Tunus – Son yıllarda gazetecilere ve basın özgürlüğüne karşı artan baskılar, toplumun haber alma hakkına ve ifade özgürlüğüne yönelik ciddi tehditler oluşturmaktadır. Artan savaşlarla birlikte hedef alınan gazeteciler; görevleri başında katledildi, tutuklandı, tehditlere maruz bırakıldı. Gazetecilerin can güvenlikleri her ne kadar uluslararası sözleşmelerle güvence altına alınsa da Gazze ve Kuzey ve Doğu Suriye başta olmak üzere saldırıların hedefindeki alanlar uygulama da böyle olmadığı, sözleşmelerin iktidarlara bir baskı oluşturmadığı gerçeğini gözler önüne serdi. 

Son olarak da Suriye’de 8 Aralık 2024’te Baas rejiminin devrilmesi sonrası cihatçı Heyet Tahrir El-Şam’ın (HTŞ) kurduğu geçici yönetime bağlı alanlarda ajansımız NUJINNHA muhabirleri ve diğer gazeteciler tehditlerle karşı karşıya kaldı.

Son dönem ifade özgürlüğünün baskı altına alınarak gazetecilerin tutuklandığı ülkelerden biri de Tunus oldu. Dayanışmanın önemine vurgu yapan Tunuslu gazeteciler, bu dayanışmanın sadece mesleki değil, Suriyeli gazetecilerin mücadelesine karşı duydukları sorumluluğunda gereği olduğunu söyledi. 

‘Dayanışma mesleki ve ahlaki bir yükümlülüktür’

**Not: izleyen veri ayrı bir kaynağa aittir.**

Lemma rhoR_ntriple c n s :
  rhoR (ntriple c n s) = Qv c + (if (s =? 0)%nat then 1 else -1) * (/ 2) ^ n.
Proof.
  unfold rhoR, rho. rewrite nfst3_ntriple, nsnd3_ntriple, nthd3_ntriple, qt_val_add,
    qt_val_of_code.
  unfold nif. destruct (s =? 0)%nat; rewrite ?qt_val_opp, qt_val_halfpow; ring.
Qed.

Lemma rhoR_dense a b : a < b -> exists w, a < rhoR w < b.
Proof.
  intros Hab. destruct (Qv_dense (a - 1) (b - 1)) as [c Hc]; [lra|].
  exists (ntriple c 0 0). rewrite rhoR_ntriple. simpl. lra.
Qed.

Definition Qlo (em : nat) : R := Qv (ivl_lo em).
Definition Qhi (em : nat) : R := Qv (ivl_hi em).

Ltac atom_test_unfold :=
  unfold atom_test, atom_test_expr; cbn [eval_expr nth]; rewrite !nunpair_npair; cbn [fst snd];
  unfold neq; cbn [Nat.eqb]; rewrite ?nif_S, ?nif_0; unfold Qlo, Qhi, ivl_lo, ivl_hi.

Lemma atom_test_left w c em j : (atom_test (npair 0 w) (npair c em) j <> 0)%nat <->
  em <> 0%nat /\ rhoR w <= Qlo em /\ Qhi em <= 2 * (Qv c - (/ 2) ^ j) - rhoR w.
Proof.
  atom_test_unfold.
  rewrite !nand_spec, !qt_le_spec, !qt_val_add, !qt_val_opp, !qt_val_of_code, qt_val_halfpow.
  fold (rhoR w). split; intros [? [? ?]]; repeat split; auto; lra.
Qed.

Lemma atom_test_right w c em j : (atom_test (npair 1 w) (npair c em) j <> 0)%nat <->
  em <> 0%nat /\ 2 * (Qv c + (/ 2) ^ j) - rhoR w <= Qlo em /\ Qhi em <= rhoR w.
Proof.
  atom_test_unfold.
  rewrite !nand_spec, !qt_le_spec, !qt_val_add, !qt_val_opp, !qt_val_of_code, qt_val_halfpow.
  fold (rhoR w). split; intros [? [? ?]]; repeat split; auto; lra.
Qed.

Lemma atom_test_gap w c em j : (atom_test (npair 2 w) (npair c em) j <> 0)%nat <->
  ~ (rhoR (nfst3 w) < rhoR (nsnd3 w) < rhoR (nthd3 w)) \/
  (em <> 0%nat /\ rhoR (nfst3 w) <= Qlo em /\ Qhi em <= rhoR (nthd3 w)).
Proof.
  atom_test_unfold.
  rewrite nor_spec, nnot_spec, !nand_spec, !qt_le_spec, !qt_val_of_code.
  assert (Hnot : forall a b, nand (nnot a) (nnot b) = 0%nat <-> ~ (a = 0%nat /\ b = 0%nat)).
  { intros a b. unfold nif. destruct a, b; simpl; split; intros; intuition lia. }
  rewrite Hnot, !qt_lt_spec. fold (rhoR (nfst3 w)) (rhoR (nsnd3 w)) (rhoR (nthd3 w)).
  reflexivity.
Qed.

Lemma atom_test_other t w c em j : (t > 2)%nat -> atom_test (npair t w) (npair c em) j = 0%nat.
Proof.
  intros Ht. destruct t as [|[|[|t]]]; [lia .. |]. atom_test_unfold. reflexivity.
Qed.

Definition meets_between (A : R -> Prop) (a b : R) : Prop := exists y, A y /\ a < y < b.

(* Atom [npair 0 w] says rho_w < x - d(x, A), atom [npair 1 w] says x + d(x, A) < rho_w
   (see [atom_left_iff], [atom_right_iff]); atom [npair 2 w] with [w] a triple says that
   rho_w1 < rho_w2 < rho_w3 fails or A meets (rho_w1, rho_w3). *)
Definition atom (x : R) (A : R -> Prop) (a : nat) : Prop :=
  let w := snd (nunpair a) in
  match fst (nunpair a) with
  | 0%nat => meets_between A (rhoR w) (2 * x - rhoR w)
  | 1%nat => meets_between A (2 * x - rhoR w) (rhoR w)
  | 2%nat => ~ (rhoR (nfst3 w) < rhoR (nsnd3 w) < rhoR (nthd3 w)) \/
             meets_between A (rhoR (nfst3 w)) (rhoR (nthd3 w))
  | _ => False
  end.

Lemma Aplus_listed p A m em : Aplus p A -> p m = em -> em <> 0%nat ->
  meets_between A (Qlo em) (Qhi em).
Proof.
  intros [_ HA] Hm Hem. destruct em as [|k]; [contradiction|].
  assert (Hk : meets A k) by (apply HA; eauto). unfold meets in Hk.
  unfold Qlo, Qhi, ivl_lo, ivl_hi. cbn [pred]. destruct (nunpair k). exact Hk.
Qed.

Lemma Aplus_lists p A cu cv y : Aplus p A -> A y -> Qv cu < y < Qv cv ->
  exists m, p m <> 0%nat /\ Qlo (p m) = Qv cu /\ Qhi (p m) = Qv cv.
Proof.
  intros [_ HA] Hy Hcuv.
  assert (Hm : meets A (npair cu cv)) by (unfold meets; rewrite nunpair_npair; eauto).
  apply HA in Hm as [m Hm]. exists m. rewrite Hm. unfold Qlo, Qhi, ivl_lo, ivl_hi. cbn [pred].
  rewrite nunpair_npair. split; [lia | auto].
Qed.

Section AtomWitnesses.

Variables (p : Baire) (x : R) (A : R -> Prop).
Hypothesis Hx : cauchy (beven p) x.
Hypothesis HA : Aplus (bodd p) A.

Definition witnesses (a : nat) : Prop :=
  exists j m, atom_test a (npair (p (2 * j)%nat) (p (2 * m + 1)%nat)) j <> 0%nat.

Let approx j : - (/ 2) ^ j <= Qv (p (2 * j)%nat) - x <= (/ 2) ^ j.
Proof. apply Rabs_le_iff, Hx. Qed.

Let listed m : p (2 * m + 1)%nat <> 0%nat ->
  meets_between A (Qlo (p (2 * m + 1)%nat)) (Qhi (p (2 * m + 1)%nat)).
Proof. apply (Aplus_listed (bodd p) A m); [exact HA | reflexivity]. Qed.

Let lists cu cv y : A y -> Qv cu < y < Qv cv ->
  exists m, p (2 * m + 1)%nat <> 0%nat /\
    Qlo (p (2 * m + 1)%nat) = Qv cu /\ Qhi (p (2 * m + 1)%nat) = Qv cv.
Proof. apply (Aplus_lists (bodd p)). exact HA. Qed.
Lemma comp_pair_rl a b : lsos_pair sim ser CP CS lam (inr a) (inl b).
Proof.
have [ser_sim _ sim_sym] := alph.
split; rewrite ?comp_cover_rl //.
- exact: (LC3_f alph inr_inj comp_sq_rr cls_inr (fun _ => erefl) lsos2).
- by move=> e; right; apply/andP; split; [apply: star12_edge; rewrite /= e orbT |].
- move=> e; right; apply: comp_prec_edge; apply: contra e => /ser_sim.
  by rewrite sim_sym.
Qed.
End Composition.

Theorem mainTheorem13 (E : finType) (sim ser : rel E)
    (X1 : finType) (prec1 sq1 : rel X1) (lam1 : X1 -> E)
    (X2 : finType) (prec2 sq2 : rel X2) (lam2 : X2 -> E) :
  comtrace_alphabet sim ser ->
  lsos_comtrace sim ser prec1 sq1 lam1 ->
  lsos_comtrace sim ser prec2 sq2 lam2 ->
  lsos_comtrace sim ser
    (comp_prec ser prec1 sq1 prec2 sq2 lam1 lam2)
    (comp_sq ser prec1 sq1 prec2 sq2 lam1 lam2)
    (comp_lab lam1 lam2).
Proof.
move=> alph lsos1 lsos2; have [so1 _] := lsos1; have [so2 _] := lsos2.
split; first exact: comp_so_structure.
case=> a [] b ab.
- by apply: comp_pair_ll => //; rewrite -(inj_eq inl_inj).
- exact: comp_pair_lr.
- exact: comp_pair_rl.
- by apply: comp_pair_rr => //; rewrite -(inj_eq inr_inj).
Qed.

Tunuslu Gazeteciler Ulusal Birliği üyesi Rim Saoudi, Suriyeli gazetecilerin, zor bir yaşam gerçeğiyle karşı karşıya kaldıklarını, çift yönlü zorluklarla mücadele ettiklerini belirterek, özellikle dini kalkan olarak kullanan rejimlerin kadınları önce hedef aldığını ve özgürlüklerini kısıtlamayı amaçladığını vurguladı.

Rim Saoudi, sözlerinin devamında şunları söyledi:

“Suriyeli gazetecilere destek olmak bir seçenek değil, mesleki ve ahlaki bir yükümlülüktür. Tunus’ta, karşılaştığımız zorluklara rağmen, meslektaşlarımızın Suriye’de yaşadıkları, her türlü hayal gücünü aşıyor. Onlar sürekli tehdit altında çalışıyorlar ve bizlerin görevi, sesimizi yükselterek onları desteklemek, çünkü basın özgürlüğü bölünemez, bir yerde bir gazeteciye yönelik her ihlal, tüm mesleğe bir saldırıdır.”

Rim Saoudi, Suriyeli gazetecilerin direncini takdir ettiğini ve onların, baskı ve engellemeler karşısındaki mücadelesinin, Arap dünyasında ifade özgürlüğü ve basının bağımsızlığı için savaşan gazetecilere güç olduğunu belirtti.

‘Dayanışma açıklamalardan ibaret olmamalı’

Suriyeli gazetecilerle dayanışmanın önemini vurgulayan Tunuslu Gazeteci Hanan Al-Arid de, bu desteğin yalnızca açıklamalarla değil, aynı zamanda gazetecilik çalışmaları ve araştırma raporları ile de gösterilmesi gerektiğini söyledi. Hanan Al-Arid, “Biz gazetecilerin haber olmalarını istemiyoruz, bizler sadece bu haberleri aktarmalıyız. Görevimiz, kalemlerimizi ve medya platformlarımızı kullanarak, yapılanları ve direniş hikayelerini yazmaktır, böylece acıları gölgede kalmaz” dedi.

Hanan Al-Arid, çatışma bölgelerindeki gazetecilerin çok zorlu koşullarda çalıştıklarını, ancak yine de dürüst gazetecilik yapma kararlılıklarını sürdürdüklerini ifade ederek, “Dayanışma içinde olmak, sadece sloganlardan ibaret olmamalıdır; bu, onların acılarını yazmak ve tüm medya platformlarında onları desteklemekle somutlaşmalıdır” şeklinde konuştu.